Super Booths and Tables
When I designed Double Decker's layout, look, and overall atmosphere, it was important to me that it looked like more than just a bus with tables placed inside. I wanted a unique space to enjoy coffee in that felt like it had a previous life and now it was simply the next chapter of that life. Another aspect of designing the space was identifying what I do not like in similar businesses. Probably my least favourite experience while skiing is seeing a cute building to enjoy snacks in and going inside to feel like sardines jammed in a ski boot. In order to avoid this feeling, I decided to limit the number of seats available up stairs as well as have a no standing policy (of course the low ceiling enforces that policy all on its own). In addition, I felt removing the soft fabrics from the space would reduce the humidity and ultimately cut down on the bad fragrance associated with a typical ski lodge lunch room.

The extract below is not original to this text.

(* Let $S[1..n]$ be a string over $\Sigma=\{1,\ldots,\sigma\}$, and suppose its rank array and lcp array are given. Then for any position interval $[x..y]$ with $1\le x\le y\le n$, one can find $\mathrm{LR}_x^y$ or determine that it does not exist using $O(x)$ time and $O(n)$ space. If there are multiple choices for $\mathrm{LR}_x^y$, the leftmost one is returned.
   Context: For $1\le i\le j\le n$, $S[i..j]=S[i]\cdots S[j]$. A substring $S[i..j]$ covers $[x..y]$ if $i\le x\le y\le j$. A substring is unique if it has no other occurrence starting at a different position; it is a repeat otherwise. $\mathrm{LR}_x^y$ is a repeat $S[i..j]$ covering $[x..y]$ such that no repeat $S[i'..j']$ covering $[x..y]$ has $j'-i'>j-i$. The suffix array $SA[1..n]$ is the permutation of $\{1,\ldots,n\}$ such that $S[SA[1]..n]<S[SA[2]..n]<\cdots$ in lexicographic order (a proper prefix is smaller). The rank array is its inverse: $\mathrm{Rank}[i]=j$ iff $SA[j]=i$. The lcp array $\mathrm{LCP}[1..n+1]$ has $\mathrm{LCP}[1]=\mathrm{LCP}[n+1]=0$ and, for $2\le i\le n$, $\mathrm{LCP}[i]$ is the length of the longest common prefix of $S[SA[i-1]..n]$ and $S[SA[i]..n]$. Complexity is in the word-RAM model with each integer in $\{0,\ldots,n+1\}$ occupying a constant number of words. *)

From mathcomp Require Import all_boot.
Set Implicit Arguments. Unset Strict Implicit. Unset Printing Implicit Defensive.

As for the actual design of the upstairs, there were several qualities I wanted to target. I decided that by adding a colourful paint scheme inside, it would naturally frame the large windows separating the inside and outside spaces. To compliment the thick wood countertops downstairs, I carried the look through the tables on the second floor. The dimensions of the tables had to be altered several times in order to make the thickness match the scale of the overall booth. Continually cutting down the tables became a pretty exhausting task as they had to be cut with a beam saw and made quite a mess each time they were cut down. Another difficult aspect of designing the seating and table interaction was trying to manage the dimensions between tabletop heights, window heights and seat heights. This took some creativity and certainly results in a different feeling while in the bus.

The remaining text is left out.